Launch an agents for the sweep
Remove the entry of the run when completed
Resume the sweep
Launch a new agent to run the missing sweep
Wandb agent will give the following output

wandb: Starting wandb agent :sleuth_or_spy:
2021-02-01 21:32:51,562 - wandb.wandb_agent - INFO - Running runs: []
2021-02-01 21:32:51,915 - wandb.wandb_agent - INFO - Agent received command: exit
2021-02-01 21:32:51,915 - wandb.wandb_agent - INFO - Received exit command. Killing runs and quitting.
wandb: Terminating and syncing runs. Press ctrl-c to kill.

The state of the sweep will go back to completed

Expected behavior
The missing sweep should be run by the agent after it has been deleted from the sweep.

The text was updated successfully, but these errors were encountered:

ariG23498 · 2021-02-04T07:46:03Z

Hey @ExpectationMax
I tried reproducing the issue and these are my observations 👇

Code

I have tried out with a very basic example to showcase the features of resuming the grid sweep.
train.py

import wandb

# Set up your default hyperparameters before wandb.init
# so they get properly set in the sweep
hyperparameter_defaults = {
    'epoch':2
}

# Pass your defaults to wandb.init
wandb.init(config=hyperparameter_defaults)
config = wandb.config

# Log metrics inside your training loop
metrics = {'custom_metric': config["epoch"]/2}
wandb.log(metrics)

sweeps.yaml

program: train.py
method: grid
metric:
  name: custom_metric
  goal: minimize
parameters:
  epoch:
    values:
      - 2
      - 4

Steps

With both the train.py and sweeps.yaml at hand, I ran the sweep with the command $ wandb sweep sweeps.yaml
This gives me a command to run the sweep agent.
After I run the agent for the sweep my dashboard looks like this

Here we can see that both the runs have been logged with epoch values 2 and 4.
After the agent terminates, I do a ctrl-c in the terminal to close the sweep.
I go into the dashboard and delete the run that I want my agent to resume.

Here one can see that the first run has been deleted.
After the run has been deleted, I go into the control-page of the sweep and click on the resume button.
With the resume button clicked, I run the same sweep agent again from the terminal.
After the process terminates this is how my dashboard looks

I think the detailed walkthrough would make it feasible for you to combat your issues.

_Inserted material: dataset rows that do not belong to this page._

Lemma psdZ n c (D : 'M[R]_n) : 0 <= c -> psd D -> psd (c *: D).
Proof.
move=> c_ge0 [Dsym D_ge0]; split=> [|v]; first by rewrite linearZ /= Dsym.
by rewrite -mulmxA -scalemxAl -dotvE dotvZr mulr_ge0 // dotvE mulmxA.
Qed.

Lemma psdD n (D1 D2 : 'M[R]_n) : psd D1 -> psd D2 -> psd (D1 + D2).
Proof.
move=> psd1 psd2; split=> [|v]; first by rewrite linearD /= psd1.1 psd2.1.
by rewrite -mulmxA mulmxDl -dotvE dotvDr addr_ge0 // psd_dotv_ge0.
Qed.

Lemma psd1mx n : psd (1%:M : 'M[R]_n).
Proof.
split=> [|v]; first exact: trmx1.
by rewrite mulmx1 -dotvE sumr_ge0 // => i _; rewrite -expr2 sqr_ge0.
Qed.

Lemma psd_kernel n (D : 'M[R]_n) v : psd D -> dotv v (D *m v) = 0 -> D *m v = 0.
Proof.
move=> D_psd vDv; suff Dv_orth w : dotv w (D *m v) = 0 by apply/dotv_self_eq0/Dv_orth.
pose a := dotv w (D *m v); pose b := dotv w (D *m w); pose t := - a / (b + 1).
have b_ge0 : 0 <= b by apply: psd_dotv_ge0.
have b1_neq0 : b + 1 != 0 by rewrite gt_eqF ?ltr_wpDl.
have := psd_dotv_ge0 (v + t *: w) D_psd.
rewrite mulmxDr -scalemxAr !dotvDl !dotvDr !dotvZl !dotvZr vDv.
rewrite [dotv v _]dotv_mulmxr D_psd.1 [dotv (D *m v) _]dotvC -/a -/b.
have -> : 0 + t * a + (t * a + t * (t * b)) = - (a ^+ 2 * ((b + 2) / (b + 1) ^+ 2)).
  by rewrite /t; field.
rewrite oppr_ge0 pmulr_lle0 ?divr_gt0 ?exprn_gt0 ?ltr_wpDl // => a2_le0.
by apply/eqP; rewrite -sqrf_eq0 eq_le a2_le0 sqr_ge0.
Qed.

Lemma psd_orth_diag n (U : 'M[R]_n) (a : 'rV[R]_n) :
  (forall i, 0 <= a 0 i) -> psd (U *m diag_mx a *m U^T).
Proof.
move=> a_ge0; split=> [|v]; first exact: trmx_orth_diag.
rewrite -mulmxA -dotvE -!mulmxA dotv_mulmxr dotv_diag.
by rewrite sumr_ge0 // => i _; rewrite mulr_ge0 ?sqr_ge0.
Qed.

Lemma psd_orth_diag_ge0 n (U : 'M[R]_n) (a : 'rV[R]_n) i : U^T *m U = 1%:M ->
  psd (U *m diag_mx a *m U^T) -> 0 <= a 0 i.
Proof.
move=> UU /(psd_dotv_ge0 (col i U)); rewrite orth_diag_col // dotvZr dotv_col UU.
by rewrite mxE eqxx mulr1.
Qed.

Lemma psd_spectral n (D : 'M[R]_n) : psd D ->
  exists U : 'M[R]_n, exists a : 'rV[R]_n,
    [/\ U^T *m U = 1%:M, D = U *m diag_mx a *m U^T & forall i, 0 <= a 0 i].
Proof.
move=> D_psd; have [U [a [UU DE]]] := symmetric_spectral D_psd.1.
by exists U, a; split=> // i; apply: psd_orth_diag_ge0 UU _; rewrite -DE.
Qed.

Lemma penrose_orth_diag n (U : 'M[R]_n) (a : 'rV[R]_n) : U^T *m U = 1%:M ->
  penrose (U *m diag_mx a *m U^T) (U *m diag_mx (map_mx GRing.inv a) *m U^T).
Proof.
move=> UU; split; rewrite ?orth_diag_mul ?trmx_orth_diag //.
  congr (_ *m diag_mx _ *m _); apply/rowP => i; rewrite !mxE.
  by have [->|a_neq0] := eqVneq (a 0 i) 0; rewrite ?mul0r // mulfV ?mul1r.
congr (_ *m diag_mx _ *m _); apply/rowP => i; rewrite !mxE.
by have [->|a_neq0] := eqVneq (a 0 i) 0; rewrite ?invr0 ?mul0r // mulVf ?mul1r.
Qed.

Lemma penrose_pinv n (D : 'M[R]_n) : D^T = D -> penrose D (pinv D).
Proof.
move=> /symmetric_spectral [U [a [UU ->]]]; apply: epsilon_spec.
by exists (U *m diag_mx (map_mx GRing.inv a) *m U^T); apply: penrose_orth_diag.
Qed.

Lemma dotv_pinv n (D : 'M[R]_n) v : D^T = D ->
  dotv (D *m v) (pinv D *m (D *m v)) = dotv v (D *m v).
Proof.
by move=> Dsym; have [DXD _ _ _] := penrose_pinv Dsym; rewrite dotv_mulmxl Dsym !mulmxA DXD.
Qed.

(* Joint convexity of [(D, D v) |-> v^T D v]: expand [(v_k - v)^T D_k (v_k - v) >= 0]. *)
Lemma psd_quad_convex n (D1 D2 : 'M[R]_n) (v v1 v2 : 'cV[R]_n) lam :
  psd D1 -> psd D2 -> 0 <= lam <= 1 ->
  (lam *: D1 + (1 - lam) *: D2) *m v = lam *: (D1 *m v1) + (1 - lam) *: (D2 *m v2) ->
  dotv v ((lam *: D1 + (1 - lam) *: D2) *m v)
  <= lam * dotv v1 (D1 *m v1) + (1 - lam) * dotv v2 (D2 *m v2).
Proof.
move=> psd1 psd2 /andP[lam_ge0 lam_le1] vE; have mu_ge0 : 0 <= 1 - lam by rewrite subr_ge0.
have q_comb : dotv v ((lam *: D1 + (1 - lam) *: D2) *m v)
    = lam * dotv v (D1 *m v) + (1 - lam) * dotv v (D2 *m v).
  by rewrite mulmxDl -!scalemxAl dotvDr !dotvZr.
have q_cross : dotv v ((lam *: D1 + (1 - lam) *: D2) *m v)
    = lam * dotv v (D1 *m v1) + (1 - lam) * dotv v (D2 *m v2).
  by rewrite vE dotvDr !dotvZr.
have gap (D : 'M[R]_n) w : psd D ->
    0 <= dotv w (D *m w) - 2 * dotv v (D *m w) + dotv v (D *m v).
  move=> D_psd; rewrite [X in 0 <= X](_ : _ = dotv (w - v) (D *m (w - v))).
    exact: psd_dotv_ge0.
  rewrite -scaleN1r mulmxDr -scalemxAr !dotvDl !dotvDr !dotvZl !dotvZr.
  by rewrite [dotv w (D *m v)]dotv_mulmxr D_psd.1 [dotv (D *m w) v]dotvC; ring.
have g1 := mulr_ge0 lam_ge0 (gap D1 v1 psd1).
have g2 := mulr_ge0 mu_ge0 (gap D2 v2 psd2).
lra.
Qed.

Lemma range_subP d T (W : 'M[R]_(d, T)) (D : 'M[R]_d) :
  range_sub W D <-> exists V, W = D *m V.
Proof.
split=> [Wsub|[V ->] z]; last by exists (V *m z); rewrite mulmxA.
have /fin_all_exists [v Wv] t : exists v, col t W = D *m v.
  by have [v] := Wsub (delta_mx t 0); rewrite -colE; exists v.
exists (\matrix_(i, t) v t i 0); apply/matrixP => i t.
have /matrixP/(_ i 0) := Wv t; rewrite !mxE => ->.
by apply: eq_bigr => k _; rewrite mxE.
Qed.

Lemma range_sub_orth_diag d T (W : 'M[R]_(d, T)) (U : 'M[R]_d) (a : 'rV[R]_d) :
  U^T *m U = 1%:M -> (forall i j, a 0 i = 0 -> (U^T *m W) i j = 0) ->
  range_sub W (U *m diag_mx a *m U^T).
Proof.
move=> UU Wa; apply/range_subP; exists (U *m diag_mx (map_mx GRing.inv a) *m (U^T *m W)).
by rewrite -orth_diag_range // mulmxA (mulmx1C UU) mul1mx.
Qed.

Lemma range_sub_convex d T (W1 W2 : 'M[R]_(d, T)) (D1 D2 : 'M[R]_d) lam :
  psd D1 -> psd D2 -> 0 <= lam <= 1 -> range_sub W1 D1 -> range_sub W2 D2 ->
  range_sub (lam *: W1 + (1 - lam) *: W2) (lam *: D1 + (1 - lam) *: D2).
Proof.
move=> psd1 psd2 /andP[lam_ge0 lam_le1] /range_subP[V1 ->] /range_subP[V2 ->].
have [psdl1 psdl2] : psd (lam *: D1) /\ psd ((1 - lam) *: D2).
  by split; apply: psdZ; rewrite ?subr_ge0.
have [U [a [UU DE _]]] := psd_spectral (psdD psdl1 psdl2).
rewrite DE; apply: range_sub_orth_diag => // i j ai0; pose u := col i U.
(* [u] is a null direction of the psd sum, hence of each psd summand. *)
have Du0 : (lam *: D1 + (1 - lam) *: D2) *m u = 0.
  by rewrite DE orth_diag_col // ai0 scale0r.
have q1 := psd_dotv_ge0 u psdl1; have q2 := psd_dotv_ge0 u psdl2.
have : dotv u ((lam *: D1 + (1 - lam) *: D2) *m u) = 0.
  by rewrite Du0 dotvE mulmx0 mxE.
rewrite mulmxDl dotvDr => q12.
have D1u0 : lam *: D1 *m u = 0 by apply: psd_kernel => //; lra.
have D2u0 : (1 - lam) *: D2 *m u = 0 by apply: psd_kernel => //; lra.
rewrite -dotv_col -/u linearD !linearZ /= !col_mulmx !scalemxAl dotvDr !dotv_mulmxr.
by rewrite psdl1.1 psdl2.1 D1u0 D2u0 !dotvE !trmx0 !mul0mx mxE addr0.
Qed.

Lemma rownorm_ge0 d T (A : 'M[R]_(d, T)) i : 0 <= rownorm A i.
Proof. exact: sqrtr_ge0. Qed.

Lemma norm21_ge0 d T (A : 'M[R]_(d, T)) : 0 <= norm21 A.
Proof. by apply: sumr_ge0 => i _; apply: rownorm_ge0. Qed.

Lemma rownorm_sqr d T (A : 'M[R]_(d, T)) i : rownorm A i ^+ 2 = \sum_j A i j ^+ 2.
Proof. by rewrite sqr_sqrtr // sumr_ge0 // => j _; apply: sqr_ge0. Qed.

Lemma rownorm_eq0 d T (A : 'M[R]_(d, T)) i j : rownorm A i = 0 -> A i j = 0.
Proof.
move=> Ai0; have : \sum_j A i j ^+ 2 = 0 by rewrite -rownorm_sqr Ai0 expr0n.
by move=> /(psumr_eq0P (fun j _ => sqr_ge0 (A i j))) /(_ j isT) /eqP; rewrite sqrf_eq0 => /eqP.
Qed.

Lemma rownorm_diag_mul d T (a : 'rV[R]_d) (A : 'M[R]_(d, T)) i :
  rownorm (diag_mx a *m A) i = `|a 0 i| * rownorm A i.
Proof.
rewrite /rownorm -sqrtr_sqr -sqrtrM ?sqr_ge0 // mulr_sumr.
by congr Num.sqrt; apply: eq_bigr => j _; rewrite mul_diag_mx mxE exprMn.
Qed.

Definition penalty d T (D : 'M[R]_d) (W : 'M[R]_(d, T)) : R :=
  \sum_(t < T) dotv (col t W) (pinv D *m col t W).

Lemma penalty_orth_diag d T (U : 'M[R]_d) (a : 'rV[R]_d) (V : 'M[R]_(d, T)) :
  U^T *m U = 1%:M ->
  penalty (U *m diag_mx a *m U^T) (U *m diag_mx a *m U^T *m V)
  = \sum_i a 0 i * rownorm (U^T *m V) i ^+ 2.
Proof.
move=> UU; rewrite /penalty (eq_bigr (fun t => \sum_i a 0 i * (U^T *m V) i t ^+ 2)).
  by rewrite exchange_big; apply: eq_bigr => i _; rewrite rownorm_sqr mulr_sumr.
move=> t _; rewrite col_mulmx dotv_pinv ?trmx_orth_diag // -!mulmxA dotv_mulmxr.
by rewrite dotv_diag; apply: eq_bigr => i _; rewrite -col_mulmx mxE.
Qed.

Lemma norm21_sqr_le_penalty d T (U : 'M[R]_d) (a : 'rV[R]_d) (V : 'M[R]_(d, T)) :
  U^T *m U = 1%:M -> (forall i, 0 <= a 0 i) -> \sum_i a 0 i <= 1 ->
  norm21 (U^T *m (U *m diag_mx a *m U^T *m V)) ^+ 2
  <= penalty (U *m diag_mx a *m U^T) (U *m diag_mx a *m U^T *m V).
Proof.
move=> UU a_ge0 a_le1; rewrite penalty_orth_diag //.
rewrite !mulmxA UU mul1mx -!mulmxA /norm21.
rewrite (eq_bigr (fun i => a 0 i * rownorm (U^T *m V) i)) => [|i _].
  exact: jensen_sqr.
by rewrite rownorm_diag_mul ger0_norm.
Qed.

Lemma penalty_convex d T (W1 W2 : 'M[R]_(d, T)) (D1 D2 : 'M[R]_d) lam :
  psd D1 -> psd D2 -> 0 <= lam <= 1 -> range_sub W1 D1 -> range_sub W2 D2 ->
  penalty (lam *: D1 + (1 - lam) *: D2) (lam *: W1 + (1 - lam) *: W2)
  <= lam * penalty D1 W1 + (1 - lam) * penalty D2 W2.
Proof.
move=> psd1 psd2 lam01 W1D1 W2D2; move: (lam01) => /andP[lam_ge0 lam_le1].
have /range_subP[V WE] := range_sub_convex psd1 psd2 lam01 W1D1 W2D2.
move/range_subP: W1D1 => [V1 W1E]; move/range_subP: W2D2 => [V2 W2E].
have psdc : psd (lam *: D1 + (1 - lam) *: D2) by apply: psdD; apply: psdZ; rewrite ?subr_ge0.
rewrite /penalty WE W1E W2E; apply: ler_sum_comb => t.
rewrite !col_mulmx !dotv_pinv ?psdc.1 ?psd1.1 ?psd2.1 //; apply: psd_quad_convex => //.
by rewrite -!col_mulmx -WE W1E W2E linearD !linearZ.
Qed.

(* For [A = 0] every weight is [0 / 0 = 0], so [Dhat U A = 0]. *)
Definition Dhat d T (U : 'M[R]_d) (A : 'M[R]_(d, T)) : 'M[R]_d :=
  U *m diag_mx (\row_i (rownorm A i / norm21 A)) *m U^T.

Section DhatProperties.
Variables (d T : nat) (U : 'M[R]_d) (A : 'M[R]_(d, T)).
Hypothesis UU : U^T *m U = 1%:M.

Lemma psd_Dhat : psd (Dhat U A).
Proof. by apply: psd_orth_diag => i; rewrite mxE divr_ge0 ?rownorm_ge0 ?norm21_ge0. Qed.

Lemma mxtrace_Dhat : \tr (Dhat U A) <= 1.
Proof.
rewrite mxtrace_orth_diag // (eq_bigr (fun i => rownorm A i / norm21 A)) => [|i _]; last first.
  by rewrite mxE.
rewrite -mulr_suml -/(norm21 A).
by have [->|s_neq0] := eqVneq (norm21 A) 0; rewrite ?mul0r ?mulfV.
Qed.

Lemma Dhat_weight0 i j : (\row_i (rownorm A i / norm21 A)) 0 i = 0 -> A i j = 0.
Proof.
rewrite mxE => /eqP; rewrite mulf_eq0 invr_eq0 => /orP[/eqP/rownorm_eq0 //|/eqP s0].
apply: rownorm_eq0; move: s0; rewrite /norm21.
by move=> /(psumr_eq0P (fun k _ => rownorm_ge0 A k)) /(_ i isT).
Qed.

Lemma range_sub_Dhat : range_sub (U *m A) (Dhat U A).
Proof.
apply: range_sub_orth_diag => // i j /Dhat_weight0 Aij0.
by rewrite mulmxA UU mul1mx Aij0.
Qed.

Lemma penalty_Dhat : penalty (Dhat U A) (U *m A) = norm21 A ^+ 2.
Proof.
rewrite /Dhat (orth_diag_range UU (fun i j => @Dhat_weight0 i j)) penalty_orth_diag //.
rewrite !mulmxA UU mul1mx expr2 {2}/norm21 mulr_sumr.
apply: eq_bigr => i _; rewrite rownorm_diag_mul !mxE.
have [s0|s_neq0] := eqVneq (norm21 A) 0; first by rewrite s0 invr0 !mulr0 !mul0r.
have [r0|r_neq0] := eqVneq (rownorm A i) 0; first by rewrite r0 !mul0r mulr0.
rewrite -/(norm21 A) ger0_norm ?invr_ge0 ?divr_ge0 ?rownorm_ge0 ?norm21_ge0 //.
by field; rewrite s_neq0 r_neq0.
Qed.

End DhatProperties.

End QuadraticForms.

Section Equivalence.
Context {R : realType} {T d : nat} {m : 'I_T -> nat}
  {x : forall t : 'I_T, 'I_(m t) -> 'cV[R]_d}
  {y : forall t : 'I_T, 'I_(m t) -> R}
  {l : R -> R -> R} {gamma beta : R}.
Local Notation objP := (objP R T d m x y l gamma beta).
Local Notation objC := (objC R T d m x y l gamma beta).
Local Notation feasibleC := (feasibleC R T d).
Hypotheses (gammaT_ge0 : 0 <= gamma / T%:R) (beta_ge0 : 0 <= beta).

Definition loss (W : 'M[R]_(d, T)) (w0 : 'cV[R]_d) : R :=
  \sum_(t < T) \sum_(i < m t) l (@y t i) (dotv (col t W + w0) (@x t i)).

Feel free to write in if this does not help you.

jvlmdr · 2022-06-14T07:28:44Z

When following these instructions, I did not see a "Resume" button on the sweep control page. There was only Pause / Unpause. I tried pausing and unpausing, but the agents still refused to restart the deleted jobs.

exalate-issue-sync · 2022-06-14T18:53:44Z

WandB Internal User commented:
ariG23498 commented:
Hey @ExpectationMax
I tried reproducing the issue and these are my observations 👇

Code

I have tried out with a very basic example to showcase the features of resuming the grid sweep.
train.py

import wandb

# Set up your default hyperparameters before wandb.init
# so they get properly set in the sweep
hyperparameter_defaults = {
    'epoch':2
}

# Pass your defaults to wandb.init
wandb.init(config=hyperparameter_defaults)
config = wandb.config

# Log metrics inside your training loop
metrics = {'custom_metric': config["epoch"]/2}
wandb.log(metrics)

sweeps.yaml

program: train.py
method: grid
metric:
  name: custom_metric
  goal: minimize
parameters:
  epoch:
    values:
      - 2
      - 4

Steps

With both the train.py and sweeps.yaml at hand, I ran the sweep with the command $ wandb sweep sweeps.yaml
This gives me a command to run the sweep agent.
After I run the agent for the sweep my dashboard looks like this

Here we can see that both the runs have been logged with epoch values 2 and 4.
After the agent terminates, I do a ctrl-c in the terminal to close the sweep.
I go into the dashboard and delete the run that I want my agent to resume.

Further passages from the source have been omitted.